Yalta, la conférence des vainqueurs

Nous nous sommes mis d’accord sur la politique commune et les plans communs à adopter pour assurer l’exécution des termes de la capitulation allemande, après que la résistance de l’armée allemande aura été définitivement écrasée.

Extrait du communiqué de la conférence de Yalta, 11 avril 1945.

Lorsque s’ouvre la conférence, Staline est en position de force grâce à la situation militaire qui joue grandement en la faveur de l’URSS. En effet, après avoir atteint la frontière roumaine dès le mois de mars 1944, l’Armée rouge progresse en Europe orientale et centrale. Les troupes soviétiques entrent dans les pays baltes à l’automne et elles repoussent la Wehrmacht à l’ouest de la Pologne. En quelques semaines la Roumanie et la Bulgarie demandent l’armistice. Entre octobre 1944 et le début de l’année 1945, une grande partie de l’Europe orientale (Pologne, Roumanie, Bulgarie, Slovaquie et une partie de la Hongrie) est passée sous contrôle soviétique.

Une « déclaration sur l’Europe libérée » fait de la tenue d’élections libres dans les États débarrassés du nazisme un impératif de l’après-guerre. Enfin, Staline obtient que les membres du Comité de Lublin (communistes) soit associé au gouvernement du pays et que la frontière orientale de la Pologne soit déplacée, ce qui permet à l’URSS de récupérer les territoires perdus en 1920 au sortir de la guerre russo-polonaise.

Longtemps resté caché et révélé par Alexandre Soljenitsyne dans « L’Archipel du Goulag », un accord entre les Alliés permit de livrer aux Soviétiques deux millions de Russes, de Baltes et d’Ukrainiens, prisonniers de guerre ou engagés dans la Wehrmacht, la plupart d’entre – eux seront exécutés ou déportés au Goulag.

Découverte

Ça a été le moment le plus incroyable de ma vie, ce jour où les Américains sont arrivés à Buchenwald. Je me rappellerai toujours avec tendresse ce grand soldat noir. Il pleurait comme un enfant. Il pleurait de douleur, toute la douleur du monde, mais aussi de fureur.

Elie Wiesel, interview au New York Times, 1989.

À l’exception de Buchenwald en avril 1945 et de Mauthausen en mai 1945, rares sont les camps qui ont été réellement libérés. Les Soviétiques, les Britanniques et les Américains découvrent fortuitement les camps de concentration durant la progression de leurs troupes. La « libération des camps » n’a pas constitué un objectif de la fin de cette guerre car les Alliés, qui ont comme but d’abattre la puissance militaire de l’Allemagne, n’ont pas conscience de l’horreur des camps. En mai 1945, les armées alliées évaluent à 18 millions le nombre de personnes déplacées.
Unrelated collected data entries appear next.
Section SubGrp.
Variables (G : Grp) (S : list (gcar G)).
Definition sub_car := { x : gcar G | gen S x }.
Definition sub_mul (x y : sub_car) : sub_car :=
  exist _ (gmul (proj1_sig x) (proj1_sig y))
    (gen_mul S _ _ (proj2_sig x) (proj2_sig y)).
Definition sub_one : sub_car := exist _ gone (gen_one S).
Definition sub_inv (x : sub_car) : sub_car :=
  exist _ (ginv (proj1_sig x)) (gen_inv S _ (proj2_sig x)).
Lemma sub_eq (x y : sub_car) : proj1_sig x = proj1_sig y -> x = y.
Proof.
  destruct x as [x px], y as [y py]; simpl; intros ->.
  f_equal; apply proof_irrelevance.
Qed.
Lemma sub_mulA x y z : sub_mul x (sub_mul y z) = sub_mul (sub_mul x y) z.
Proof. apply sub_eq; simpl; apply gmulA. Qed.
Lemma sub_mul1l x : sub_mul sub_one x = x.
Proof. apply sub_eq; simpl; apply gmul1l. Qed.
Lemma sub_mul1r x : sub_mul x sub_one = x.
Proof. apply sub_eq; simpl; apply gmul1r. Qed.
Lemma sub_mulVl x : sub_mul (sub_inv x) x = sub_one.
Proof. apply sub_eq; simpl; apply gmulVl. Qed.
Lemma sub_mulVr x : sub_mul x (sub_inv x) = sub_one.
Proof. apply sub_eq; simpl; apply gmulVr. Qed.
Definition SubGrp : Grp :=
  Build_Grp sub_car sub_mul sub_one sub_inv
    sub_mulA sub_mul1l sub_mul1r sub_mulVl sub_mulVr.
End SubGrp.

Definition SubPN (G : PNGrp) (S : list (gcar G)) : PNGrp :=
  {| pgrp := SubGrp G S; plen := fun x => @plen G (proj1_sig x) |}.

(* phi_trans phi n k = phi_{n, k+n} = phi_{k+n-1} o ... o phi_n *)
Fixpoint phi_trans (L : nat -> PNGrp) (phi : forall n, L n -> L (S n))
    (n k : nat) : L n -> L (k + n)%nat :=
  match k return L n -> L (k + n)%nat with
  | O => fun x => x
  | S k' => fun x => phi (k' + n)%nat (phi_trans L phi n k' x)
  end.

Definition is_direct_limit (L : nat -> PNGrp) (phi : forall n, L n -> L (S n))
    (M : Grp) (psi : forall n, L n -> M) : Prop :=
  (forall n, is_hom (psi n)) /\
  (forall n k (x : L n), psi (k + n)%nat (phi_trans L phi n k x) = psi n x) /\
  (forall (H : Grp) (f : forall n, L n -> H),
     (forall n, is_hom (f n)) ->
     (forall n k (x : L n), f (k + n)%nat (phi_trans L phi n k x) = f n x) ->
     exists g : M -> H, is_hom g /\ (forall n (x : L n), g (psi n x) = f n x) /\
       forall g' : M -> H, is_hom g' -> (forall n (x : L n), g' (psi n x) = f n x) ->
         forall y, g' y = g y).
Dès la fin des combats, les rescapés se mettent en mouvement à travers l’Europe afin de regagner leurs foyers et tenter de reconstruire leurs vies.
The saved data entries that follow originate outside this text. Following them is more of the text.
Section SubringRange.
Variables (T : comNzRingType) (A : set T).
Hypothesis subringA : is_subring A.

Definition subring_pred : {pred T} := fun x => `[< A x >].

Lemma subring_pred_closed : subring_closed subring_pred.
Proof.
split=> [|x y /asboolP Ax /asboolP Ay|x y /asboolP Ax /asboolP Ay]; apply/asboolP.
- exact: subring1.
- exact: subringB.
- exact: subringM.
Qed.

HB.instance Definition _ := GRing.isSubringClosed.Build T subring_pred subring_pred_closed.
Definition subring_type := {x : T | x \in subring_pred}.
HB.instance Definition _ := [isSub of subring_type for @sval T (fun x => x \in subring_pred)].
HB.instance Definition _ := [Choice of subring_type by <:].
HB.instance Definition _ := [SubChoice_isSubComNzRing of subring_type by <:].

Lemma subring_is_range :
  exists (K : comNzRingType) (phi : {rmorphism K -> T}), A = range phi.
Proof.
exists subring_type, (GRing.RMorphism.clone _ _ (val : subring_type -> T) _).
apply/seteqP; split=> [x Ax|_ [y _ <-]]; last exact/asboolP/(valP y).
by exists (exist _ x (asboolT Ax)).
Qed.

End SubringRange.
1945, vers un nouveau monde ? 

Pendant cinq années, des millions de combattants ont dû démontrer, au milieu du carnage, qu’il ne se pouvait pas qu’un seul homme prit la liberté pour lui aux dépens de tous les autres. Une fois de plus, il a fallu faire la terrible preuve de cette vérité, comme si l’histoire des hommes n’était que la longue et affreuse histoire de leurs sacrifices pour affirmer sans trêve une liberté sans cesse contestée. 
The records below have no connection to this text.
(* Let $s,y\in\mathbb{R}^n$ with $s^Ty>0$, let $\tau\in[0,1]$, and for $\alpha>0$ define $$\phi_\tau(\alpha)=\Big\|\tau\Big(\tfrac{1}{\alpha}s-y\Big)+(1-\tau)(s-\alpha y)\Big\|^2 .$$ Let $\alpha^{BB1}=\dfrac{s^Ts}{s^Ty}$ and $\alpha^{BB2}=\dfrac{s^Ty}{y^Ty}$. Then the equation $\phi_\tau'(\alpha)=0$ has a unique root in the interval $[\alpha^{BB2},\alpha^{BB1}]$.
   Context: $\|\cdot\|$ denotes the Euclidean norm and $\phi_\tau'$ the derivative of $\phi_\tau$ with respect to $\alpha$. (Note $s^Ty>0$ forces $y\neq 0$, and by Cauchy–Schwarz $\alpha^{BB2}\le\alpha^{BB1}$.) *)

From mathcomp Require Import all_boot all_order all_algebra.
From mathcomp Require Import all_classical all_reals all_analysis.
Set Implicit Arguments. Unset Strict Implicit. Unset Printing Implicit Defensive.
Import Order.TTheory GRing.Theory Num.Theory.
Local Open Scope ring_scope.

Definition dotv (R : realType) (n : nat) (u v : 'rV[R]_n) : R :=
  \sum_(i < n) u 0 i * v 0 i.

Definition sqnorm (R : realType) (n : nat) (v : 'rV[R]_n) : R := dotv v v.

Definition phi (R : realType) (n : nat) (tau : R) (s y : 'rV[R]_n) (alpha : R) : R :=
  sqnorm (tau *: (alpha^-1 *: s - y) + (1 - tau) *: (s - alpha *: y)).

Definition alphaBB1 (R : realType) (n : nat) (s y : 'rV[R]_n) : R := dotv s s / dotv s y.
Definition alphaBB2 (R : realType) (n : nat) (s y : 'rV[R]_n) : R := dotv s y / dotv y y.

From mathcomp Require Import all_boot all_order all_algebra.
From mathcomp Require Import all_classical all_reals all_analysis.
From mathcomp Require Import ring lra.
Import Order.TTheory GRing.Theory Num.Theory.
Import numFieldNormedType.Exports.
Set Implicit Arguments. Unset Strict Implicit. Unset Printing Implicit Defensive.
Local Open Scope ring_scope.

(* With a = s's, b = s'y and c = y'y, phi_tau is the binary quadratic form of
   the Gram matrix of (s, y) evaluated at (tau/alpha + 1 - tau, tau + (1 - tau) alpha),
   and phi_tau'(alpha) = 2 (tau + (1 - tau) alpha) / alpha^3 * P(alpha) for the
   cubic P(alpha) = (1 - tau) alpha^2 (c alpha - b) + tau (b alpha - a).
   Cauchy-Schwarz (b^2 <= a c) gives P(b/c) <= 0 <= P(a/b), so the intermediate
   value theorem yields a root in [alphaBB2, alphaBB1]; and P is strictly
   increasing on [b/c, +oo), so that root is the only one. *)

Definition qform (R : pzRingType) (a b c p q : R) : R :=
  p ^+ 2 * a - 2 * (p * q) * b + q ^+ 2 * c.

Lemma qform_psd_sqr_le (R : realFieldType) (a b c : R) :
  (forall p q, 0 <= qform a b c p q) -> b ^+ 2 <= a * c.
Proof.
rewrite /qform => psd.
have a_ge0 : 0 <= a by have := psd 1 0; rewrite expr1n mul1r; lra.
have [c_gt0|c_le0] := ltrP 0 c; first by have := psd c b; nra.
have c0 : c = 0 by have := psd 0 1; rewrite expr1n mul1r; lra.
by have := psd b (a + 1); rewrite c0; nra.
Qed.

Lemma is_derive_qform (R : realType) (f g : R -> R) (x df dg a b c : R) :
  is_derive x 1 f df -> is_derive x 1 g dg ->
  is_derive x 1 (fun t => qform a b c (f t) (g t))
    (2 * (f x * df * a - (df * g x + f x * dg) * b + g x * dg * c)).
Proof.
move=> Df Dg.
have D := is_deriveD
  (is_deriveB (is_deriveM (is_deriveX 2 Df) (is_derive_cst a x 1))
     (is_deriveM (is_deriveM (is_derive_cst (2 : R) x 1) (is_deriveM Df Dg))
        (is_derive_cst b x 1)))
  (is_deriveM (is_deriveX 2 Dg) (is_derive_cst c x 1)).
by apply: (is_derive_eq D); rewrite /cst /GRing.scale /=; ring.
Qed.

Section DotProduct.
Variables (R : realType) (n : nat).
Implicit Types s y : 'rV[R]_n.

Lemma sqnorm_ge0 (v : 'rV[R]_n) : 0 <= sqnorm v.
Proof. by apply: sumr_ge0 => i _; rewrite -expr2 sqr_ge0. Qed.

Lemma sqnorm_scaleB s y p q :
  sqnorm (p *: s - q *: y) = qform (sqnorm s) (dotv s y) (sqnorm y) p q.
Proof.
rewrite /sqnorm /qform /dotv !mulr_sumr -sumrB -big_split /=.
by apply: eq_bigr => i _; rewrite !mxE; ring.
Qed.

Lemma dotv_sqr_le s y : dotv s y ^+ 2 <= sqnorm s * sqnorm y.
Proof. by apply: qform_psd_sqr_le => p q; rewrite -sqnorm_scaleB sqnorm_ge0. Qed.

Lemma dotv_gt0_sqnorm_gt0 s y : 0 < dotv s y -> 0 < sqnorm s /\ 0 < sqnorm y.
Proof.
move=> b_gt0; have := dotv_sqr_le s y.
have := sqnorm_ge0 s; have := sqnorm_ge0 y.
have := exprn_gt0 2 b_gt0.
move: (sqnorm s) (sqnorm y) (dotv s y) => a c b.
by move=> *; split; nra.
Qed.

End DotProduct.

Definition bb_cubic (R : nzRingType) (tau a b c : R) : {poly R} :=
  ((1 - tau) * c)%:P * 'X^3 - ((1 - tau) * b)%:P * 'X^2 + (tau * b)%:P * 'X
  - (tau * a)%:P.

Section BBCubic.
Variables (R : realFieldType) (tau a b c : R).
Hypotheses (tau_ge0 : 0 <= tau) (tau_le1 : tau <= 1) (b_gt0 : 0 < b) (c_gt0 : 0 < c).
Hypothesis sqr_le : b ^+ 2 <= a * c.

Lemma horner_bb_cubic x :
  (bb_cubic tau a b c).[x] = (1 - tau) * x ^+ 2 * (x * c - b) + tau * (x * b - a).
Proof.
rewrite /bb_cubic !hornerD !hornerN !hornerCM !hornerXn hornerX hornerC; ring.
Qed.

Lemma bb_cubic_le0_at_lower : (bb_cubic tau a b c).[b / c] <= 0.
Proof.
rewrite horner_bb_cubic divfK ?gt_eqF // subrr mulr0 add0r.
by rewrite mulr_ge0_le0 // subr_le0 mulrAC ler_pdivrMr // -expr2.
Qed.

Lemma bb_cubic_ge0_at_upper : 0 <= (bb_cubic tau a b c).[a / b].
Proof.
rewrite horner_bb_cubic divfK ?gt_eqF // subrr mulr0 addr0.
apply: mulr_ge0; first by rewrite mulr_ge0 ?subr_ge0 ?sqr_ge0.
by rewrite subr_ge0 mulrAC ler_pdivlMr // -expr2.
Qed.

Lemma bb_cubic_homo_lt :
  {in `[b / c, +oo[ &, {homo horner (bb_cubic tau a b c) : x z / x < z}}.
Proof.
move=> x z; rewrite !in_itv /= !andbT !ler_pdivrMr // => cx cz lt_xz.
rewrite -subr_gt0.
have -> : (bb_cubic tau a b c).[z] - (bb_cubic tau a b c).[x] =
    (z - x) * ((1 - tau) * ((z * c - b) * z + (x * c - b) * x + x * z * c) + tau * b).
  by rewrite !horner_bb_cubic; ring.
rewrite mulr_gt0 ?subr_gt0 //.
have x_gt0 : 0 < x by rewrite -(pmulr_lgt0 _ c_gt0) (lt_le_trans b_gt0).
have z_gt0 : 0 < z by rewrite (lt_trans x_gt0).
have P_gt0 : 0 < (z * c - b) * z + (x * c - b) * x + x * z * c.
  apply: ltr_wpDl; last by rewrite !mulr_gt0.
  by rewrite addr_ge0 // mulr_ge0 ?subr_ge0 // ltW.
have [tau_lt1|tau_ge1] := ltrP tau 1.
  have := mulr_ge0 tau_ge0 (ltW b_gt0).
  have : 0 < 1 - tau by rewrite subr_gt0.
  move/mulr_gt0/(_ P_gt0); lra.
by rewrite (@le_anti _ _ tau 1) ?tau_le1 // subrr mul0r add0r mul1r.
Qed.

Lemma bb_cubic_inj :
  {in `[b / c, +oo[ &, injective (horner (bb_cubic tau a b c))}.
Proof. exact/inc_inj_in/le_mono_in/bb_cubic_homo_lt. Qed.
End BBCubic.

Lemma bb_cubic_has_root (R : realType) (tau a b c : R) :
  0 <= tau <= 1 -> 0 < b -> 0 < c -> b ^+ 2 <= a * c ->
  exists2 al, b / c <= al <= a / b & (bb_cubic tau a b c).[al] = 0.
Proof.
move=> /andP[tau_ge0 tau_le1] b_gt0 c_gt0 sqr_le.
have lower_le_upper : b / c <= a / b.
  by rewrite ler_pdivrMr // mulrAC ler_pdivlMr // -expr2.
have P_cont : continuous (horner (bb_cubic tau a b c)).
  by move=> ?; exact: continuous_horner.
have [|al] := @IVT R _ _ _ 0 lower_le_upper (continuous_subspaceT P_cont).
  by rewrite ge_min bb_cubic_le0_at_lower // le_max bb_cubic_ge0_at_upper // orbT.
by rewrite in_itv /=; exists al.
Qed.

Section Phi.
Variables (R : realType) (n : nat) (tau : R) (s y : 'rV[R]_n).
Local Notation a := (sqnorm s).
Local Notation b := (dotv s y).
Local Notation c := (sqnorm y).

Lemma phi_qform :
  phi tau s y = fun al => qform a b c (tau / al + (1 - tau)) (tau + (1 - tau) * al).
Proof.
apply/funext => al; rewrite /phi -sqnorm_scaleB; congr sqnorm.
by apply/rowP => i; rewrite !mxE; ring.
Qed.

Lemma derive1_phi al : al != 0 ->
  derive1 (phi tau s y) al =
  2 * (tau + (1 - tau) * al) / al ^+ 3 * (bb_cubic tau a b c).[al].
Proof.
move=> al_neq0; rewrite phi_qform derive1E.
have Dp : is_derive al 1 (fun t => tau / t + (1 - tau)) (- tau / al ^+ 2).
  apply: (is_derive_eq (is_deriveD
    (is_deriveZ tau (is_deriveV al_neq0 (is_derive_id al 1)))
    (is_derive_cst (1 - tau) al 1))).
  by rewrite /GRing.scale /=; field.
have Dq : is_derive al 1 (fun t => tau + (1 - tau) * t) (1 - tau).
  apply: (is_derive_eq (is_deriveD (is_derive_cst tau al 1)
    (is_deriveZ (1 - tau) (is_derive_id al 1)))).
  by rewrite /GRing.scale /=; ring.
rewrite (@derive_val _ _ _ _ _ _ _ (is_derive_qform a b c Dp Dq)) horner_bb_cubic.
by field.
Qed.

Lemma derive1_phi_eq0 al : 0 <= tau <= 1 -> 0 < al ->
  derive1 (phi tau s y) al = 0 <-> (bb_cubic tau a b c).[al] = 0.
Proof.
move=> /andP[tau_ge0 tau_le1] al_gt0.
rewrite derive1_phi ?gt_eqF //.
have q_gt0 : 0 < tau + (1 - tau) * al by nra.
have factor_gt0 : 0 < 2 * (tau + (1 - tau) * al) / al ^+ 3.
  by rewrite divr_gt0 ?exprn_gt0 ?mulr_gt0.
by split=> [/eqP|->]; rewrite ?mulr0 // mulf_eq0 gt_eqF // => /eqP.
Qed.

End Phi.

Theorem proposition1 (R : realType) (n : nat) (s y : 'rV[R]_n) (tau : R) :
  0 < dotv s y -> 0 <= tau <= 1 ->
  exists! alpha : R,
    alphaBB2 s y <= alpha <= alphaBB1 s y /\ derive1 (phi tau s y) alpha = 0.
Proof.
move=> b_gt0 tau01; have [tau_ge0 tau_le1] := andP tau01.
have [a_gt0 c_gt0] := dotv_gt0_sqnorm_gt0 b_gt0.
have [al al_in root_al] := bb_cubic_has_root tau01 b_gt0 c_gt0 (dotv_sqr_le s y).
have BB_gt0 z : alphaBB2 s y <= z <= alphaBB1 s y -> 0 < z.
  by case/andP=> /(lt_le_trans (divr_gt0 b_gt0 c_gt0)).
exists al; split; first by split; last by apply/derive1_phi_eq0; rewrite ?BB_gt0.
move=> z [z_in /(derive1_phi_eq0 s y tau01 (BB_gt0 z z_in)) root_z].
apply: (bb_cubic_inj (a := sqnorm s) tau_ge0 tau_le1 b_gt0 c_gt0).
- by rewrite in_itv /= andbT; case/andP: al_in.
- by rewrite in_itv /= andbT; case/andP: z_in.
by rewrite root_al root_z.
Qed.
Cette conclusion universelle est rappelée par Albert Camus dans le journal Combat, le lendemain de la capitulation du Reich nazi, avec l’espoir qu’elle imprègne le monde nouveau qui doit surgir des décombres.

L’horreur des combats, les violences contre les populations civiles, la mise en oeuvre du génocide des Juifs d’Europe, le paysage de villes entières détruites, l’explosion des deux bombes atomiques à Hiroshima et Nagasaki (6 et 9 août 1945) font naître une ère d’idéaux, pour retenir les leçons de ce que l’on souhaite être la « dernière » guerre mondiale.

Mais le monde, dominé désormais par les États- Unis et l’URSS, entre dans la Guerre froide. Dès le printemps 1945, la France doit retrouver une place internationale ; alors que les peuples colonisés lui rappellent que la liberté est devenue une aspiration pour toute l’humanité.

Les mémoires du second conflit mondial naissent aussitôt, dans ce contexte si particulier, où les ombres des désastres humains continuent de nous livrer des enseignements que l’on ne veut pas voir s’effacer.